5.4.3 Organic and polymer samples can be especially problematic because they are highly volatile and produce large amounts of gaseous by-products such as CO2 and NOx. As a result larger sample sizes will produce higher pressures inside the digestion vessel. Generally, no more than 1 g of these sample types can be digested in a closed vessel (18).
5.4.3.1 While in open digestion vessel systems the operating temperatures are limited by the acid solutions' boiling points, temperatures in the 200 - 260°C range can be typically achieved in sealed digestion vessels. This results in a dramatic acceleration of the reaction kinetics, allowing the digestion reactions to be carried out in a shorter time period. The higher temperatures, however, result in a pressure increase in the vessel and thus in a potential safety hazard. Rapid heating of the sample solution can induce exothermic reactions during the digestion process. Therefore in modern microwave digestion systems, sensors and interlocks for temperature and pressure control are introduced. Since different types of sample behave differently in microwave field, heating control is necessary in this operation (19).
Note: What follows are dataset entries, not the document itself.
Lemma separating_constant : exists c,
  (forall n y, H (n, y) -> y - p (n - x0) <= c) /\
  (forall m h, H (m, h) -> c <= p (m + x0) - h).
Proof.
set S := [set z | exists n y, H (n, y) /\ z = y - p (n - x0)].
have ubS m h : H (m, h) -> ubound S (p (m + x0) - h).
  by move=> Hmh _ [n [y [Hny ->]]]; apply: graph_gap.
have S0 : S !=set0 by exists (0 - p (0 - x0)), 0, 0.
exists (sup S); split => [n y Hny|m h Hmh].
  by apply: sup_upper_bound; [split=> //; exists (p (0 + x0) - 0); apply: ubS|exists n, y].
exact: ge_sup (ubS _ _ Hmh).
Qed.

Lemma adjoin_sub c : H `<=` adjoin c.
Proof. by move=> [n y] Hny; exists n, y, 0; rewrite scale0r mul0r !addr0. Qed.

Lemma adjoin_x0 c : adjoin c (x0, c).
Proof. by exists 0, 0, 1; rewrite scale1r mul1r !add0r. Qed.

Lemma adjoin_functional c x y y' : adjoin c (x, y) -> adjoin c (x, y') -> y = y'.
Proof.
have [Hf HD HZ _] := Hgraph.
move=> [n [z [r [Hn [-> ->]]]]] [n' [z' [r' [Hn' [e ->]]]]].
have [Err'|rr'] := eqVneq r r'.
  by subst r'; move/addIr: e => e; rewrite -e in Hn'; rewrite (Hf _ _ _ Hn Hn').
have x0E : x0 = (r - r')^-1 *: (n' - n).
  have <- : (n + r *: x0) - (n + r' *: x0) = n' - n.
    by rewrite e opprD addrACA subrr addr0.
  by rewrite opprD addrACA subrr add0r -scalerBl scalerA mulVf ?scale1r ?subr_eq0.
have HNn : H (- n, - z) by move: (HZ (-1) _ _ Hn); rewrite scaleN1r mulN1r.
by exfalso; apply: Hx0; exists ((r - r')^-1 * (z' - z)); rewrite x0E; apply/HZ/HD.
Qed.

Lemma adjoin_dominated c :
  (forall n y, H (n, y) -> y - p (n - x0) <= c) ->
  (forall m h, H (m, h) -> c <= p (m + x0) - h) ->
  forall x y, adjoin c (x, y) -> T x /\ y <= p x.
Proof.
have [_ _ HZ Hp] := Hgraph => cge cle x y [n [z [r [Hn [-> ->]]]]].
have [Tn lez] := Hp _ _ Hn.
split; first by apply: TD => //; apply: TZ.
have [r0|r0|->] := ltgtP r 0; last by rewrite scale0r mul0r !addr0.
- set s := - r; have s0 : 0 < s by rewrite oppr_gt0.
  have -> : n + r *: x0 = s *: (s^-1 *: n - x0).
    by rewrite scalerDr scalerA mulfV ?gt_eqF // scale1r scalerN scaleNr opprK.
  rewrite pZ //; last by apply: TD; [apply: TZ|rewrite -scaleN1r; apply: TZ].
  have := cge _ _ (HZ s^-1 _ _ Hn); rewrite -(ler_pM2l s0) mulrBr mulrA.
  by rewrite mulfV ?gt_eqF // mul1r -[r]opprK -/s mulNr; lra.
- have -> : n + r *: x0 = r *: (r^-1 *: n + x0).
    by rewrite scalerDr scalerA mulfV ?gt_eqF // scale1r.
  rewrite pZ //; last by apply: TD => //; apply: TZ.
  have := cle _ _ (HZ r^-1 _ _ Hn); rewrite -(ler_pM2l r0) mulrBr mulrA.
  by rewrite mulfV ?gt_eqF // mul1r; lra.
Qed.

Lemma adjoin_graph : exists c, dominated_linear_graph (adjoin c) /\ adjoin c (x0, c).
Proof.
have [_ HD HZ _] := Hgraph.
have [c [cge cle]] := separating_constant.
exists c; split; last exact: adjoin_x0.
split; [exact: adjoin_functional| | |exact: adjoin_dominated].
- move=> x y x' y' [n [z [r [Hn [-> ->]]]]] [n' [z' [r' [Hn' [-> ->]]]]].
  exists (n + n'), (z + z'), (r + r'); split; first exact: HD.
  by rewrite scalerDl mulrDl !addrA (addrAC n) (addrAC z).
- move=> s x y [n [z [r [Hn [-> ->]]]]].
  exists (s *: n), (s * z), (s * r); split; first exact: HZ.
  by rewrite scalerDr mulrDr scalerA mulrA.
Qed.

End OneStepExtension.

Variable G : set (X * R).
Hypotheses (G00 : G (0, 0)) (Ggraph : dominated_linear_graph G).

Let chain_union_graph (F : set (set (X * R))) :
  F `<=` (fun Y => dominated_linear_graph (Y `|` G)) -> total_on F subset ->
  dominated_linear_graph ((\bigcup_(Y in F) Y) `|` G).
Proof.
move=> FP Ftot; set U := _ `|` G.
have common a b : U a -> U b -> exists H,
    [/\ dominated_linear_graph H, H a, H b & H `<=` U].
  have sub Y : F Y -> Y `|` G `<=` U by move=> FY z [Yz|Gz]; [left; exists Y|right].
  move=> [[Y1 FY1 Y1a]|Ga] [[Y2 FY2 Y2b]|Gb].
  - have [s12|s21] := Ftot _ _ FY1 FY2.
    + by exists (Y2 `|` G); split; [exact: FP|left; apply: s12|left|exact: sub].
    + by exists (Y1 `|` G); split; [exact: FP|left|left; apply: s21|exact: sub].
  - by exists (Y1 `|` G); split; [exact: FP|left|right|exact: sub].
  - by exists (Y2 `|` G); split; [exact: FP|right|left|exact: sub].
  - by exists G; split => // z Gz; right.
split.
- by move=> x y y' h1 h2; have [H [[Hf _ _ _] Ha Hb _]] := common _ _ h1 h2; apply: Hf Ha Hb.
- move=> x y x' y' h1 h2; have [H [[_ HD _ _] Ha Hb HU]] := common _ _ h1 h2.
  exact/HU/HD.
- by move=> r x y h; have [H [[_ _ HZ _] Ha _ HU]] := common _ _ h h; apply/HU/HZ.
- by move=> x y h; have [H [[_ _ _ Hp] Ha _ _]] := common _ _ h h; apply: Hp.
Qed.

Lemma hahn_banach_graph : exists U : X -> R,
  [/\ forall x y, T x -> T y -> U (x + y) = U x + U y,
      forall (r : R) x, T x -> U (r *: x) = r * U x,
      forall x, T x -> U x <= p x &
      forall x y, G (x, y) -> U x = y].
Proof.
have [M [Mgraph Mmax]] := Zorn_bigcup chain_union_graph.
set H := M `|` G.
have Hdom x : T x -> exists y, H (x, y).
  move=> Tx; apply: contrapT => nHx.
  have [c [cgraph Hc]] := adjoin_graph Mgraph (or_intror G00) Tx nHx.
  apply: (Mmax (adjoin H x c)).
    split; first by move=> z Mz; apply: adjoin_sub; left.
    by move=> sub; apply: nHx; exists c; left; apply: sub.
  by rewrite setUidl // => z Gz; apply: adjoin_sub; right.
have [Hf HD HZ Hp] := Mgraph.
pose U x := xget 0 [set y | H (x, y)].
have HU x : T x -> H (x, U x) by move=> Tx; apply: (xgetPex 0 (Hdom x Tx)).
exists U; split.
- by move=> x y Tx Ty; apply: (Hf (x + y)); [apply: HU; apply: TD|apply: HD; apply: HU].
- by move=> r x Tx; apply: (Hf (r *: x)); [apply: HU; apply: TZ|apply: HZ; apply: HU].
- by move=> x Tx; have [] := Hp _ _ (HU _ Tx).
- move=> x y Gxy; have [_ _ _ /(_ x y Gxy) [Tx _]] := Ggraph.
  by apply: (Hf x); [apply: HU|right].
Qed.

End HahnBanach.

Lemma ler_norm_absM (K : numDomainType) (u M v : K) :
  0 <= v -> `|u| <= M * v -> `|u| <= `|M| * v.
Proof.
move=> v0 h; have h0 : 0 <= M * v := le_trans (normr_ge0 _) h.
by rewrite -(ger0_norm v0) -normrM (ger0_norm h0).
Qed.

Section FormalTensors.
Variables (K : numFieldType) (V : normedModType K).
Local Notation tensor := (tensor K V).
Local Notation tsz t := (Defs.tsize K V t).
Local Notation tl t := (Defs.tleft K V t).
Local Notation tr t := (Defs.tright K V t).
Implicit Types (t s : tensor) (B : V -> V -> K) (Q : set V).

Definition tcat t s : tensor :=
  Tensor K V (tsz t + tsz s)
    (fun j => match fintype.split j with inl a => tl t a | inr b => tl s b end)
    (fun j => match fintype.split j with inl a => tr t a | inr b => tr s b end).

Definition tscale (k : K) t : tensor := Tensor K V (tsz t) (fun j => k *: tl t j) (tr t).

Definition tsingle (b c : V) : tensor := Tensor K V 1 (fun _ => b) (fun _ => c).

Definition tempty : tensor := Tensor K V 0 (fun _ => 0) (fun _ => 0).

Lemma teval_cat B t s : teval B (tcat t s) = teval B t + teval B s.
Proof.
rewrite /teval /= big_split_ord /=; congr (_ + _); apply: eq_bigr => j _.
  by rewrite (unsplitK (inl _ j)).
by rewrite (unsplitK (inr _ j)).
Qed.

Lemma tcost_cat t s : tcost (tcat t s) = tcost t + tcost s.
Proof.
rewrite /tcost /= big_split_ord /=; congr (_ + _); apply: eq_bigr => j _.
  by rewrite (unsplitK (inl _ j)).
by rewrite (unsplitK (inr _ j)).
Qed.

Lemma in_tensor_cat P Q t s : in_tensor P Q t -> in_tensor P Q s ->
  in_tensor P Q (tcat t s).
Proof. by move=> ht hs j /=; case: (fintype.split j) => a; [apply: ht|apply: hs]. Qed.

Lemma bilinear_onZ Q (k : K) B : bilinear_on Q B ->
  bilinear_on Q (fun b c => k * B b c).
Proof.
move=> [h1 h2]; split => [k' x y z Qz|k' x y z Qy Qz].
  by rewrite h1 // mulrDr mulrCA.
by rewrite h2 // mulrDr mulrCA.
Qed.

Lemma teval_mull (k : K) B t : teval (fun b c => k * B b c) t = k * teval B t.
Proof. by rewrite /teval mulr_sumr. Qed.

Lemma teval_scale Q B k t : bilinear_on Q B -> in_tensor setT Q t ->
  teval B (tscale k t) = k * teval B t.
Proof.
move=> [hB _] ht; rewrite /teval /= mulr_sumr; apply: eq_bigr => j _.
have [_ Qj] := ht j.
have B0 : B 0 (tr t j) = 0.
  have := hB 1 0 0 _ Qj; rewrite scale1r addr0 mul1r => h.
  by apply: (addrI (B 0 (tr t j))); rewrite addr0 -h.
by have := hB k (tl t j) 0 _ Qj; rewrite addr0 B0 addr0.
Qed.

Lemma tcost_scale k t : tcost (tscale k t) = `|k| * tcost t.
Proof. by rewrite /tcost /= mulr_sumr; apply: eq_bigr => j _; rewrite normrZ mulrA. Qed.

Lemma in_tensor_scale Q k t : in_tensor setT Q t -> in_tensor setT Q (tscale k t).
Proof. by move=> ht j; have [_ ?] := ht j. Qed.

Lemma teval_single B b c : teval B (tsingle b c) = B b c.
Proof. by rewrite /teval big_ord1. Qed.

Lemma tcost_single b c : tcost (tsingle b c) = `|b| * `|c|.
Proof. by rewrite /tcost big_ord1. Qed.

Lemma teval_empty B : teval B tempty = 0.
Proof. by rewrite /teval big_ord0. Qed.

Lemma tcost_empty : tcost tempty = 0.
Proof. by rewrite /tcost big_ord0. Qed.

Lemma in_tensorT t : in_tensor setT setT t.
Proof. by []. Qed.

Lemma in_tensor_empty P Q : in_tensor P Q tempty.
Proof. by case. Qed.

Lemma tcost_ge0 t : 0 <= tcost t.
Proof. by apply: sumr_ge0 => j _; apply: mulr_ge0. Qed.

End FormalTensors.

Section ComplexParts.
Variable R : realType.
Local Notation C := R[i].
Local Open Scope complex_scope.
Implicit Types x y : C.

Lemma complex_ext x y : Re x = Re y -> Im x = Im y -> x = y.
Proof. by case: x; case: y => a b c d /= -> ->. Qed.

Lemma ReD x y : Re (x + y) = Re x + Re y. Proof. by case: x; case: y. Qed.
Lemma ReN x : Re (- x) = - Re x. Proof. by case: x. Qed.
Lemma ImN x : Im (- x) = - Im x. Proof. by case: x. Qed.
Lemma ReMc x y : Re (x * y) = Re x * Re y - Im x * Im y.
Proof. by case: x; case: y. Qed.
Lemma ImMc x y : Im (x * y) = Re x * Im y + Im x * Re y.
Proof. by case: x => a b; case: y => c d /=; rewrite addrC. Qed.
Lemma ReMr (r : R) x : Re (r%:C * x) = r * Re x.
Proof. by rewrite ReMc /= mul0r subr0. Qed.

Lemma lec_Re x y : x <= y -> Re x <= Re y.
Proof. by rewrite lecE => /andP[]. Qed.

Lemma ge0_complex_real x : 0 <= x -> x = (Re x)%:C.
Proof. by rewrite lecE => /andP[/eqP h _]; apply: complex_ext. Qed.

Lemma normc_real x : `|x| = (Re `|x|)%:C.
Proof. exact: ge0_complex_real. Qed.

Lemma Re_normc_ge0 x : 0 <= Re `|x|.
Proof. exact: lec_Re (normr_ge0 x). Qed.

Lemma Re_le_normc x : Re x <= Re `|x|.
Proof. by have := lec_Re (normc_ge_Re x); apply: le_trans (ler_norm _). Qed.

Lemma Re_normc_le (u v : R) : Re `|u +i* v| <= `|u| + `|v|.
Proof.
rewrite normc_def /=.
have h : u ^+ 2 + v ^+ 2 <= (`|u| + `|v|) ^+ 2.
  rewrite sqrrD (real_normK (num_real u)) (real_normK (num_real v)).
  by rewrite -addrA lerD2l lerDr mulrn_wge0 // mulr_ge0.
by have := ler_wsqrtr h; rewrite sqrtr_sqr ger0_norm // addr_ge0.
Qed.

Lemma Re_normc_i : Re `|'i : C| = 1.
Proof. by rewrite normc_def /= expr0n expr1n add0r sqrtr1. Qed.

End ComplexParts.

Section Extension.
Variables (R : realType) (A : normedModType R[i]) (I : set A).
Local Notation C := R[i].
Local Notation tensor := (tensor C A).
Local Open Scope complex_scope.
Implicit Types (t s u z : tensor).
Variable lam : C.
Hypotheses (lam1 : 1 <= lam)
  (hlam : forall z, in_tensor setT I z ->
    forall t, in_tensor setT setT t -> tensor_eq setT t z ->
    forall eps : C, 0 < eps ->
    exists u, [/\ in_tensor setT I u, tensor_eq I u z &
                  tcost u <= lam * tcost t + eps]).
Variables (D : A -> A -> C) (CD : C).
Hypotheses (DI : bilinear_on I D)
  (Dbound : forall a x, I x -> `|D a x| <= CD * `|a| * `|x|).

Definition bilform := {B : A -> A -> C | bilinear_on setT B}.

(* The algebraic tensor product A (x) A is realised inside the real vector
   space bilform -> R; taking real parts loses nothing since B may be
   replaced by 'i * B (see tembed_tensor_eq). *)
Definition tembed (t : tensor) : bilform -> R := fun B => Re (teval (sval B) t).

Definition ibilform (B : bilform) : bilform :=
  exist _ (fun b c => 'i * sval B b c) (bilinear_onZ 'i (svalP B)).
5.4.4 Microwave heating occurs because microwave reactors generate an electromagnetic field that interacts with polarizable molecules or ions in the materials. As the polarized species compete to align their dipoles with the oscillating field, they rotate, migrate, and rub against each other, causing them to heat up. This microwave effect differs from indirect heating by conduction achieved by using a hot plate (20).